Much greater efficiencies of coal-fired power plants can be achieved by raising steam turbine temperatures and employing innovative combustion processes. Scientists are developing anti-corrosion coatings to facilitate implementation and fewer emissions.

Reducing both emissions and dependence on fossil fuels is an important area of energy research. The former is easier to address in the short term until a transition to renewable energy sources is more cost effective. Scientists launched the EU-funded project 'Production of coatings for new efficient and clean coal power plant materials' (POEMA) to protect materials from the corrosion that becomes more problematic in high-efficiency scenarios.

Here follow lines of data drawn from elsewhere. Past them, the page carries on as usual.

Lemma int01_is_int01_eq f l l' : int01 f l -> is_int01 f l' -> l = l'.
Proof. intro H. apply is_int01_unique, is_int01_int01, H. Qed.

Lemma monic_OPS_wint w P h : (forall x, continuous w x) -> monic_OPS w P h ->
  (forall k, C1 (P k)) /\ (forall x, P 0%nat x = 1)
  /\ (forall j k, j <> k -> wint w (fun x => P j x * P k x) = 0) /\ (forall k, h k = hnorm w P k).
Proof.
  intros Hw [Hmon [Horth Hnorm]].
  assert (HC : forall k, C1 (P k)) by (intro k; exact (C1_monic k (P k) (Hmon k))).
  split; [exact HC | split; [| split]].
  - intro x. destruct (Hmon 0%nat) as [c Hc]. rewrite Hc. simpl. ring.
  - intros j k Hjk. symmetry.
    apply (int01_is_int01_eq _ _ _ (Horth j k Hjk)), is_int01_wint; [exact Hw | continuous_tac].
  - intro k. apply (int01_is_int01_eq _ _ _ (Hnorm k)), is_int01_wint; [exact Hw | continuous_tac].
Qed.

The target temperature range is 700 to 750 degrees Celsius. Higher temperatures create steam oxidation and steam-grown oxide scales on the inside of tubing. Fireside corrosion is a synergistic effect among metal alloy materials, flue gas and deposits. It is the leading cause of failure in coal-burning furnaces.

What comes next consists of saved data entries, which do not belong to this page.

(* Let $\mathcal{L}=(\mathrm{Fm},\vdash)$ be a selfextensional logic for which properties $\neg_S$ and $\neg_A$ hold, and let $N\subseteq\mathrm{Fm}\times\mathrm{Fm}$ be a normative system closed under (WO). Then $$P_N=\{(\alpha,\varphi)\mid(\alpha,\neg\varphi)\notin N\}.$$
   Context: A logic is $\mathcal{L}=(\mathrm{Fm},\vdash)$ with $\mathrm{Fm}$ a formula algebra over propositional variables and $\vdash\subseteq\mathcal{P}(\mathrm{Fm})\times\mathrm{Fm}$ a consequence relation (reflexive, monotone, cut). $Cn(\Gamma)=\{\psi\mid\Gamma\vdash\psi\}$, $Cn(\varphi,\psi)=Cn(\{\varphi,\psi\})$, $\varphi\vdash\psi$ means $\{\varphi\}\vdash\psi$. $\mathcal{L}$ is selfextensional if whenever $\varphi\vdash\psi$ and $\psi\vdash\varphi$, then $\delta(\varphi/p)$ and $\delta(\psi/p)$ are interderivable for every formula $\delta$ and variable $p$. Property $\neg_W$: there is a unary term $\neg$ such that $\psi\in Cn(\varphi)$ implies $\neg\varphi\in Cn(\neg\psi)$; for such $\neg$: $\neg_A$: $Cn(\varphi,\neg\varphi)=\mathrm{Fm}$ for all $\varphi$; $\neg_S$: $Cn(\varphi,\psi)=\mathrm{Fm}$ implies $\neg\psi\in Cn(\varphi)$. A normative system is any $N\subseteq\mathrm{Fm}\times\mathrm{Fm}$; it is closed under (WO) if $(\alpha,\varphi)\in N$ and $\varphi\vdash\psi$ imply $(\alpha,\psi)\in N$. The negative permission system is $P_N=\{(\alpha,\varphi)\mid\forall\psi((\alpha,\psi)\in N\Rightarrow Cn(\varphi,\psi)\neq\mathrm{Fm})\}$. *)

From Stdlib Require Import PeanoNat Fin.
Set Implicit Arguments.

Inductive Fm (Op : Type) (ar : Op -> nat) : Type :=
| var : nat -> Fm ar
| app : forall o : Op, (Fin.t (ar o) -> Fm ar) -> Fm ar.
Arguments var {Op ar} _.
Arguments app {Op ar} o _.

Fixpoint fsubst {Op : Type} {ar : Op -> nat} (phi : Fm ar) (p : nat) (delta : Fm ar)
  : Fm ar :=
  match delta with
  | var x => if Nat.eqb x p then phi else var x
  | app o args => app o (fun i => fsubst phi p (args i))
  end.

Section Logic.
Context {Op : Type} {ar : Op -> nat}.
Notation F := (Fm ar).

Definition consequence (vd : (F -> Prop) -> F -> Prop) : Prop :=
  (forall (G : F -> Prop) phi, G phi -> vd G phi) /\
  (forall (G D : F -> Prop) phi, (forall x, G x -> D x) -> vd G phi -> vd D phi) /\
  (forall (G D : F -> Prop) phi,
      (forall psi, D psi -> vd G psi) -> vd (fun x => G x \/ D x) phi -> vd G phi).

Definition sing (phi : F) : F -> Prop := fun x => x = phi.
Definition pair (phi psi : F) : F -> Prop := fun x => x = phi \/ x = psi.

Definition trivial_set (vd : (F -> Prop) -> F -> Prop) (G : F -> Prop) : Prop :=
  forall chi, vd G chi.

Definition selfextensional (vd : (F -> Prop) -> F -> Prop) : Prop :=
  forall phi psi, vd (sing phi) psi -> vd (sing psi) phi ->
  forall (delta : F) (p : nat),
    vd (sing (fsubst phi p delta)) (fsubst psi p delta) /\
    vd (sing (fsubst psi p delta)) (fsubst phi p delta).

(** The unary term  neg  is given by a formula [nt] in the variable [q]:
    neg phi := nt(phi/q). *)
Definition negW (vd : (F -> Prop) -> F -> Prop) (neg : F -> F) : Prop :=
  forall phi psi, vd (sing phi) psi -> vd (sing (neg psi)) (neg phi).
Definition negA (vd : (F -> Prop) -> F -> Prop) (neg : F -> F) : Prop :=
  forall phi, trivial_set vd (pair phi (neg phi)).
Definition negS (vd : (F -> Prop) -> F -> Prop) (neg : F -> F) : Prop :=
  forall phi psi, trivial_set vd (pair phi psi) -> vd (sing phi) (neg psi).

Definition closed_WO (vd : (F -> Prop) -> F -> Prop) (N : F -> F -> Prop) : Prop :=
  forall alpha phi psi, N alpha phi -> vd (sing phi) psi -> N alpha psi.

Definition negperm (vd : (F -> Prop) -> F -> Prop) (N : F -> F -> Prop)
  (alpha phi : F) : Prop :=
  forall psi, N alpha psi -> ~ trivial_set vd (pair phi psi).

End Logic.


(* If (alpha, ~phi) were in N, then by neg_A it would be a norm inconsistent
   with phi, so phi is not negatively permitted.  Conversely, a norm psi
   inconsistent with phi satisfies psi |- ~phi by neg_S, and closure under
   (WO) would then put (alpha, ~phi) into N. *)

Section NegativePermission.

Context {Op : Type} {ar : Op -> nat}.
Variable vd : (Fm ar -> Prop) -> Fm ar -> Prop.
Hypothesis vd_consequence : consequence vd.

Lemma trivial_set_pairC {phi psi : Fm ar} :
  trivial_set vd (pair phi psi) -> trivial_set vd (pair psi phi).
Proof.
  destruct vd_consequence as [_ [vd_mono _]].
  intros Htriv chi. apply (vd_mono (pair phi psi)); [|apply Htriv].
  intros x [-> | ->]; [right | left]; reflexivity.
Qed.

Variable neg : Fm ar -> Fm ar.

Lemma negS_pairC {phi psi : Fm ar} :
  negS vd neg -> trivial_set vd (pair phi psi) -> vd (sing psi) (neg phi).
Proof.
  intros HS Htriv. apply HS, trivial_set_pairC, Htriv.
Qed.

Variable N : Fm ar -> Fm ar -> Prop.

Lemma negperm_not_N_neg (alpha phi : Fm ar) :
  negA vd neg -> negperm vd N alpha phi -> ~ N alpha (neg phi).
Proof.
  intros HA HP HN. exact (HP _ HN (HA phi)).
Qed.

Lemma not_N_neg_negperm (alpha phi : Fm ar) :
  negS vd neg -> closed_WO vd N -> ~ N alpha (neg phi) -> negperm vd N alpha phi.
Proof.
  intros HS HWO HnN psi HN Htriv.
  apply HnN, (HWO alpha psi); [exact HN | exact (negS_pairC HS Htriv)].
Qed.

Lemma negpermE (alpha phi : Fm ar) :
  negS vd neg -> negA vd neg -> closed_WO vd N ->
  negperm vd N alpha phi <-> ~ N alpha (neg phi).
Proof.
  intros HS HA HWO. split.
  - exact (negperm_not_N_neg alpha phi HA).
  - exact (not_N_neg_negperm alpha phi HS HWO).
Qed.

End NegativePermission.

Theorem proposition4p2 (Op : Type) (ar : Op -> nat)
  (vd : (Fm ar -> Prop) -> Fm ar -> Prop)
  (nt : Fm ar) (q : nat)
  (N : Fm ar -> Fm ar -> Prop) :
  consequence vd ->
  selfextensional vd ->
  negW vd (fun phi => fsubst phi q nt) ->
  negS vd (fun phi => fsubst phi q nt) ->
  negA vd (fun phi => fsubst phi q nt) ->
  closed_WO vd N ->
  forall alpha phi : Fm ar,
    negperm vd N alpha phi <-> ~ N alpha (fsubst phi q nt).
Proof.
  intros Hcons _ _ HS HA HWO alpha phi.
  exact (negpermE vd Hcons (fun chi => fsubst chi q nt) N alpha phi HS HA HWO).
Qed.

A novel coal-burning process that is the topic of global research could increase the likelihood of corrosion. Oxy-fuel coal combustion, in which coal is burned in an almost pure stream of oxygen, is a more efficient process that uses less fuel. In addition, it produces flue gases consisting mainly of water and carbon dioxide (CO2). The concentrated CO2 stream is easier to purify in carbon capture and sequestration schemes designed to reduce CO2 release into the atmosphere.

Scientists evaluated nano-structured and micro-structured coatings in both air and oxy-fuel combustion. During the first 18 months of the project, work progressed from selection of substrates and coatings for screening, to application and characterisation, to the beginnings of life-cycle assessment.

Metal alloy substrates consisting of a ferritic steel (P92), an austenitic (HR3C) and two alternative nickel-based alloys are being utilised. From the original 31 coatings, scientists have chosen 6 coatings to be optimised for the steam oxidation application and 5 for fireside oxidation protection. To date, all coatings have been applied to the ferritic substrate, and both uncoated and coated samples have been characterised. Lifetime models of some of the coated systems are under development.

Increasing the efficiency of coal-fired power plants will enable significant reductions in CO2 emissions. Corrosion-protection coatings being developed by POEMA scientists promise to enable long-term operation under the required operating conditions with important environmental benefits.